(* Let $X$ be a real Banach space, $A$ a non-empty subset of $X$, and $F_1,F_2$ non-empty closed bounded subsets of $X$. (1) Suppose $r(F_1,x)>r(F_2,x)$ for each $x\in A$. If $F_1$ is remotal (respectively uniquely remotal, strongly remotal, SUR, sup-compact) on $A$, then $F_1\cup F_2$ is remotal (respectively uniquely remotal, strongly remotal, SUR, sup-compact) on $A$. If in addition $\inf\{r(F_1,x)-r(F_2,x):x\in A\}>0$ and $F_1$ is USUR on $A$, then $F_1\cup F_2$ is USUR on $A$. (2) If $r(F_1,x)=r(F_2,x)$ for each $x\in A$ and $F_1,F_2$ are both sup-compact (respectively strongly remotal, remotal) on $A$, then $F_1\cup F_2$ is sup-compact (respectively strongly remotal, remotal) on $A$.
   Context: $B_X$ is the closed unit ball. For non-empty bounded $F$, $x\in X$, $\delta\ge0$: $r(F,x)=\sup_{y\in F}\|x-y\|$, $Q_F(x,\delta)=\{y\in F:\|x-y\|\ge r(F,x)-\delta\}$, $Q_F(x)=Q_F(x,0)$. On a set $A$, $F$ is: remotal if $Q_F(x)\neq\emptyset$ for each $x\in A$; uniquely remotal if $Q_F(x)$ is a singleton for each $x\in A$; strongly remotal if for every $x\in A$ and $\epsilon>0$ there is $\delta>0$ with $Q_F(x,\delta)\subseteq Q_F(x)+\epsilon B_X$; SUR if both uniquely remotal and strongly remotal; USUR if uniquely remotal and for every $\epsilon>0$ there is $\delta>0$ with $Q_F(x,\delta)\subseteq Q_F(x)+\epsilon B_X$ for all $x\in A$; sup-compact if for each $x\in A$ every sequence $(y_n)$ in $F$ with $\|x-y_n\|\to r(F,x)$ has a subsequence converging to an element of $F$. *)

From HB Require Import structures.
From mathcomp Require Import all_boot all_order all_algebra.
From mathcomp Require Import all_classical all_reals all_analysis.
Set Implicit Arguments. Unset Strict Implicit. Unset Printing Implicit Defensive.
Import Order.TTheory GRing.Theory Num.Theory.
Import numFieldNormedType.Exports.
Local Open Scope classical_set_scope.
Local Open Scope ring_scope.

Section Remotal.
Variables (R : realType) (X : normedModType R).

Definition farthest_dist (F : set X) (x : X) : R :=
  sup [set `|x - y| | y in F].

Definition farthest_pts (F : set X) (x : X) (delta : R) : set X :=
  [set y | F y /\ farthest_dist F x - delta <= `|x - y|].

Definition farthest_set (F : set X) (x : X) : set X := farthest_pts F x 0.

Definition enlarge (S : set X) (eps : R) : set X :=
  [set z | exists2 q, S q & `|z - q| <= eps].

Definition remotal_on (F A : set X) : Prop :=
  forall x, A x -> farthest_set F x !=set0.

Definition uniquely_remotal_on (F A : set X) : Prop :=
  forall x, A x -> exists y, farthest_set F x = [set y].

Definition strongly_remotal_on (F A : set X) : Prop :=
  forall x, A x -> forall eps : R, 0 < eps ->
    exists2 delta : R, 0 < delta &
      farthest_pts F x delta `<=` enlarge (farthest_set F x) eps.

Definition SUR_on (F A : set X) : Prop :=
  uniquely_remotal_on F A /\ strongly_remotal_on F A.

Definition USUR_on (F A : set X) : Prop :=
  uniquely_remotal_on F A /\
  forall eps : R, 0 < eps ->
    exists2 delta : R, 0 < delta &
      forall x, A x -> farthest_pts F x delta `<=` enlarge (farthest_set F x) eps.

Definition sup_compact_on (F A : set X) : Prop :=
  forall x, A x -> forall u : nat -> X, (forall n, F (u n)) ->
    (fun n => `|x - u n|) @ \oo --> farthest_dist F x ->
    exists phi : nat -> nat, {homo phi : m n / (m < n)%N >-> (m < n)%N} /\
      exists2 y, F y & (u \o phi) @ \oo --> y.

End Remotal.

From HB Require Import structures.
From mathcomp Require Import all_boot all_order all_algebra.
From mathcomp Require Import all_classical all_reals all_analysis.
From mathcomp Require Import lra.

(* If r(F2,x) < r(F1,x), no point of F2 is delta-farthest from x for delta below
   the gap r(F1,x) - r(F2,x), so Q_{F1 u F2}(x,delta) = Q_{F1}(x,delta) and every
   property passes from F1 to the union (uniformly in x when the gap is bounded
   below, which is what USUR needs).  If r(F1,x) = r(F2,x), then
   Q_{F1 u F2}(x,delta) = Q_{F1}(x,delta) u Q_{F2}(x,delta), and a maximizing
   sequence in F1 u F2 visits F1 or F2 infinitely often, giving a maximizing
   subsequence in one of them. *)

Set Implicit Arguments.
Unset Strict Implicit.
Unset Printing Implicit Defensive.
Import Order.TTheory GRing.Theory Num.Theory.
Import numFieldNormedType.Exports.
Local Open Scope classical_set_scope.
Local Open Scope ring_scope.

Definition infinitely_often (P : nat -> Prop) : Prop :=
  forall N, exists n, (N <= n)%N /\ P n.

Lemma eventually_infinitely_often (P : nat -> Prop) :
  (\forall n \near \oo, P n) -> infinitely_often P.
Proof.
move=> [M _ MP] N; exists (maxn M N); split; first exact: leq_maxr.
by apply: MP; exact: leq_maxl.
Qed.

Lemma infinitely_often_or (P Q : nat -> Prop) :
  (forall n, P n \/ Q n) -> infinitely_often P \/ infinitely_often Q.
Proof.
move=> PQ; have [|/existsNP[M notP]] := pselect (infinitely_often P); first by left.
right; apply: eventually_infinitely_often; near=> n.
have Mn : (M <= n)%N by near: n; exact: nbhs_infty_ge.
by have [Pn|//] := PQ n; exfalso; apply: notP; exists n.
Unshelve. all: by end_near.
Qed.

Lemma infinitely_often_subseq (P : nat -> Prop) : infinitely_often P ->
  exists phi : nat -> nat, {homo phi : m n / (m < n)%N} /\ forall k, P (phi k).
Proof.
move=> /choice[next next_spec].
pose phi := fix phi k := if k is k'.+1 then next (phi k').+1 else next 0%N.
exists phi; split; last by case=> [|k]; apply: (next_spec _).2.
apply: homo_ltn; first exact: ltn_trans.
by move=> k; exact: (next_spec (phi k).+1).1.
Qed.

Lemma cvg_comp_increasing (T : topologicalType) (u : nat -> T) (phi : nat -> nat)
    (l : T) :
  {homo phi : m n / (m < n)%N} -> u @ \oo --> l -> (u \o phi) @ \oo --> l.
Proof.
move=> phi_incr; apply: cvg_comp; apply/cvgnyPge => N.
have phi_ge n : (n <= phi n)%N.
  by elim: n => // n ih; apply: leq_ltn_trans ih _; exact: phi_incr.
by exists N => // n /= Nn; exact: leq_trans Nn (phi_ge n).
Qed.

Section FarthestPoints.
Context {R : realType} {X : normedModType R}.
Implicit Types (F G : set X) (x y : X) (d e : R).

Lemma farthest_dist_ubound F x : bounded_set F -> has_ubound [set `|x - y| | y in F].
Proof.
move=> [M [_ FM]]; exists (`|x| + (M + 1)) => _ [y Fy <-].
rewrite (le_trans (ler_normB _ _))// lerD2l.
by apply: (FM (M + 1)) => //; rewrite ltrDl.
Qed.

Lemma farthest_dist_ge F x y : bounded_set F -> F y -> `|x - y| <= farthest_dist F x.
Proof.
move=> Fb Fy; apply: sup_upper_bound; last by exists y.
by split; [exists `|x - y|, y | exact: farthest_dist_ubound].
Qed.

Lemma farthest_dist_le F x c : F !=set0 -> (forall y, F y -> `|x - y| <= c) ->
  farthest_dist F x <= c.
Proof.
move=> [y Fy] Fc; apply: ge_sup; first by exists `|x - y|, y.
by move=> _ [z Fz <-]; exact: Fc.
Qed.

Lemma bounded_setU F G : bounded_set F -> bounded_set G -> bounded_set (F `|` G).
Proof. by rewrite /= /bounded_near; apply: filterS2 => M FM GM z [/FM|/GM]. Qed.

Lemma farthest_distU F G x : F !=set0 -> G !=set0 -> bounded_set F -> bounded_set G ->
  farthest_dist (F `|` G) x = Num.max (farthest_dist F x) (farthest_dist G x).
Proof.
move=> [y Fy] G0 Fb Gb; apply/le_anti/andP; split.
  apply: farthest_dist_le => [|z [Fz|Gz]]; first by exists y; left.
    by rewrite le_max farthest_dist_ge.
  by rewrite le_max [X in _ || X]farthest_dist_ge ?orbT.
have FGb := bounded_setU Fb Gb.
rewrite ge_max; apply/andP; split.
- by apply: farthest_dist_le => [|z Fz]; [exists y | apply: farthest_dist_ge => //; left].
- by apply: farthest_dist_le => // z Gz; apply: farthest_dist_ge => //; right.
Qed.

Lemma farthest_ptsS F x d d' : d <= d' -> farthest_pts F x d `<=` farthest_pts F x d'.
Proof. by move=> dd' y [Fy le_y]; split => //; apply: le_trans le_y; rewrite lerB. Qed.

Lemma enlargeS (S T : set X) e : S `<=` T -> enlarge S e `<=` enlarge T e.
Proof. by move=> ST z [q Sq zq]; exists q => //; exact: ST. Qed.

Lemma farthest_ptsUl F G x d : F !=set0 -> G !=set0 -> bounded_set F -> bounded_set G ->
  0 <= d -> farthest_dist G x < farthest_dist F x - d ->
  farthest_pts (F `|` G) x d = farthest_pts F x d.
Proof.
move=> F0 G0 Fb Gb d_ge0 GF.
rewrite /farthest_pts farthest_distU // max_l; last lra.
apply/seteqP; split => y /= [FGy le_y]; last by split => //; left.
case: FGy => // Gy; have := farthest_dist_ge x Gb Gy; lra.
Qed.

Lemma farthest_ptsU F G x d : F !=set0 -> G !=set0 -> bounded_set F -> bounded_set G ->
  farthest_dist F x = farthest_dist G x ->
  farthest_pts (F `|` G) x d = farthest_pts F x d `|` farthest_pts G x d.
Proof.
move=> F0 G0 Fb Gb FG; rewrite /farthest_pts farthest_distU // -FG maxxx.
apply/seteqP; split => y /=; first by move=> [[Fy|Gy] le_y]; [left|right].
by move=> [[Fy le_y]|[Gy le_y]]; split => //; [left|right].
Qed.

Lemma sup_compact_on_infinitely_often F A x (u : nat -> X) :
  sup_compact_on F A -> A x -> infinitely_often (fun n => F (u n)) ->
  (fun n => `|x - u n|) @ \oo --> farthest_dist F x ->
  exists phi : nat -> nat, {homo phi : m n / (m < n)%N} /\
    exists2 y, F y & (u \o phi) @ \oo --> y.
Proof.
move=> Fsc Ax /infinitely_often_subseq[psi [psi_incr Fu]] u_far.
have [phi [phi_incr [y Fy u_y]]] :=
  Fsc x Ax (u \o psi) Fu (cvg_comp_increasing psi_incr u_far).
exists (psi \o phi); split; last by exists y.
by move=> m n mn; apply: psi_incr; exact: phi_incr.
Qed.

End FarthestPoints.

Section UnionOfFarthestPoints.
Context {R : realType} {X : normedModType R}.
Variables (A F G : set X).
Hypotheses (F0 : F !=set0) (G0 : G !=set0) (Fb : bounded_set F) (Gb : bounded_set G).

Section DominatedUnion.
Hypothesis GF : forall x, A x -> farthest_dist G x < farthest_dist F x.

Lemma farthest_setUl x : A x -> farthest_set (F `|` G) x = farthest_set F x.
Proof. by move=> Ax; apply: farthest_ptsUl => //; rewrite subr0 GF. Qed.

Lemma remotal_onUl : remotal_on F A -> remotal_on (F `|` G) A.
Proof. by move=> Fr x Ax; rewrite farthest_setUl //; exact: Fr. Qed.

Lemma uniquely_remotal_onUl :
  uniquely_remotal_on F A -> uniquely_remotal_on (F `|` G) A.
Proof. by move=> Fu x Ax; rewrite farthest_setUl //; exact: Fu. Qed.

Lemma enlarge_farthest_ptsUl x c d e : A x ->
  0 < c -> c < farthest_dist F x - farthest_dist G x -> 0 < d ->
  farthest_pts F x d `<=` enlarge (farthest_set F x) e ->
  farthest_pts (F `|` G) x (Num.min d c) `<=` enlarge (farthest_set (F `|` G) x) e.
Proof.
move=> Ax c_gt0 c_gap d_gt0 Fd.
have md : Num.min d c <= d by rewrite ge_min lexx.
have mc : Num.min d c <= c by rewrite ge_min lexx orbT.
rewrite farthest_setUl // farthest_ptsUl //; last 2 first.
- by rewrite le_min !ltW.
- lra.
by apply: subset_trans Fd; exact: farthest_ptsS.
Qed.

Lemma strongly_remotal_onUl :
  strongly_remotal_on F A -> strongly_remotal_on (F `|` G) A.
Proof.
move=> Fs x Ax e e_gt0; have [d d_gt0 Fd] := Fs x Ax e e_gt0.
have GFx := GF Ax.
exists (Num.min d ((farthest_dist F x - farthest_dist G x) / 2)).
  by rewrite lt_min d_gt0 /=; lra.
by apply: enlarge_farthest_ptsUl => //; lra.
Qed.

Lemma SUR_onUl : SUR_on F A -> SUR_on (F `|` G) A.
Proof.
by move=> [Fu Fs]; split; [exact: uniquely_remotal_onUl | exact: strongly_remotal_onUl].
Qed.

Lemma sup_compact_onUl : sup_compact_on F A -> sup_compact_on (F `|` G) A.
Proof.
move=> Fsc x Ax u FGu u_far; have GFx := GF Ax.
rewrite farthest_distU // max_l ?ltW // in u_far.
have Fu : infinitely_often (fun n => F (u n)).
  apply: eventually_infinitely_often; near=> n.
  have Gu : farthest_dist G x < `|x - u n| by near: n; exact: cvgr_gt u_far _ GFx.
  by have [//|Gun] := FGu n; have := farthest_dist_ge x Gb Gun; lra.
have [phi [phi_incr [y Fy u_y]]] := sup_compact_on_infinitely_often Fsc Ax Fu u_far.
by exists phi; split => //; exists y => //; left.
Unshelve. all: by end_near.
Qed.

Lemma USUR_onUl : 0 < inf [set farthest_dist F x - farthest_dist G x | x in A] ->
  USUR_on F A -> USUR_on (F `|` G) A.
Proof.
set S := [set _ | _ in A] => S_gt0 [Fu Fus]; split; first exact: uniquely_remotal_onUl.
have S_lb : has_lbound S.
  by apply: contrapT => S_nlb; move: S_gt0; rewrite inf_out ?ltxx // => -[].
move=> e e_gt0; have [d d_gt0 Fd] := Fus e e_gt0.
exists (Num.min d (inf S / 2)); first by rewrite lt_min d_gt0 /=; lra.
move=> x Ax; have : inf S <= farthest_dist F x - farthest_dist G x.
  by apply: ge_inf => //; exists x.
by move=> S_gap; apply: enlarge_farthest_ptsUl (Fd x Ax) => //; lra.
Qed.

End DominatedUnion.

Section EquidistantUnion.
Hypothesis FG : forall x, A x -> farthest_dist F x = farthest_dist G x.

Lemma remotal_onU : remotal_on F A -> remotal_on (F `|` G) A.
Proof.
move=> Fr x Ax; rewrite /farthest_set farthest_ptsU ?FG //.
by have [y Fy] := Fr x Ax; exists y; left.
Qed.

Lemma strongly_remotal_onU : strongly_remotal_on F A -> strongly_remotal_on G A ->
  strongly_remotal_on (F `|` G) A.
Proof.
move=> Fs Gs x Ax e e_gt0.
have [d1 d1_gt0 Fd1] := Fs x Ax e e_gt0; have [d2 d2_gt0 Gd2] := Gs x Ax e e_gt0.
exists (Num.min d1 d2); first by rewrite lt_min d1_gt0.
have m1 : Num.min d1 d2 <= d1 by rewrite ge_min lexx.
have m2 : Num.min d1 d2 <= d2 by rewrite ge_min lexx orbT.
rewrite /farthest_set !farthest_ptsU ?FG //.
by move=> y [/(farthest_ptsS m1)/Fd1|/(farthest_ptsS m2)/Gd2]; apply: enlargeS.
Qed.

Lemma sup_compact_onU : sup_compact_on F A -> sup_compact_on G A ->
  sup_compact_on (F `|` G) A.
Proof.
move=> Fsc Gsc x Ax u FGu u_far.
rewrite farthest_distU // -FG // maxxx in u_far.
have [Fu|Gu] := infinitely_often_or FGu.
  have [phi [phi_incr [y Fy u_y]]] := sup_compact_on_infinitely_often Fsc Ax Fu u_far.
  by exists phi; split => //; exists y => //; left.
rewrite FG // in u_far.
have [phi [phi_incr [y Gy u_y]]] := sup_compact_on_infinitely_often Gsc Ax Gu u_far.
by exists phi; split => //; exists y => //; right.
Qed.

End EquidistantUnion.
End UnionOfFarthestPoints.

Theorem theorem2p10 (R : realType) (X : completeNormedModType R)
    (A F1 F2 : set X) :
  A !=set0 ->
  F1 !=set0 -> closed F1 -> bounded_set F1 ->
  F2 !=set0 -> closed F2 -> bounded_set F2 ->
  (* (1) *)
  ((forall x, A x -> farthest_dist F2 x < farthest_dist F1 x) ->
     (remotal_on F1 A -> remotal_on (F1 `|` F2) A) /\
     (uniquely_remotal_on F1 A -> uniquely_remotal_on (F1 `|` F2) A) /\
     (strongly_remotal_on F1 A -> strongly_remotal_on (F1 `|` F2) A) /\
     (SUR_on F1 A -> SUR_on (F1 `|` F2) A) /\
     (sup_compact_on F1 A -> sup_compact_on (F1 `|` F2) A) /\
     (0 < inf [set farthest_dist F1 x - farthest_dist F2 x | x in A] ->
        USUR_on F1 A -> USUR_on (F1 `|` F2) A)) /\
  (* (2) *)
  ((forall x, A x -> farthest_dist F1 x = farthest_dist F2 x) ->
     (sup_compact_on F1 A -> sup_compact_on F2 A ->
        sup_compact_on (F1 `|` F2) A) /\
     (strongly_remotal_on F1 A -> strongly_remotal_on F2 A ->
        strongly_remotal_on (F1 `|` F2) A) /\
     (remotal_on F1 A -> remotal_on F2 A -> remotal_on (F1 `|` F2) A)).
Proof.
move=> _ F10 _ F1b F20 _ F2b; split => [F2F1|F1F2].
  split; first exact: remotal_onUl.
  split; first exact: uniquely_remotal_onUl.
  split; first exact: strongly_remotal_onUl.
  split; first exact: SUR_onUl.
  split; first exact: sup_compact_onUl.
  exact: USUR_onUl.
split; first exact: sup_compact_onU.
split; first exact: strongly_remotal_onU.
by move=> F1r _; exact: remotal_onU.
Qed.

TASK REQUIREMENTS
Please repeat the lines above exactly, beginning with the line that contains "split; first exact: sup_compact_onUl." and ending with the final one.

ANSWER TO THE PROBLEM
  split; first exact: sup_compact_onUl.
  exact: USUR_onUl.
split; first exact: sup_compact_onU.
split; first exact: strongly_remotal_onU.
by move=> F1r _; exact: remotal_onU.
Qed.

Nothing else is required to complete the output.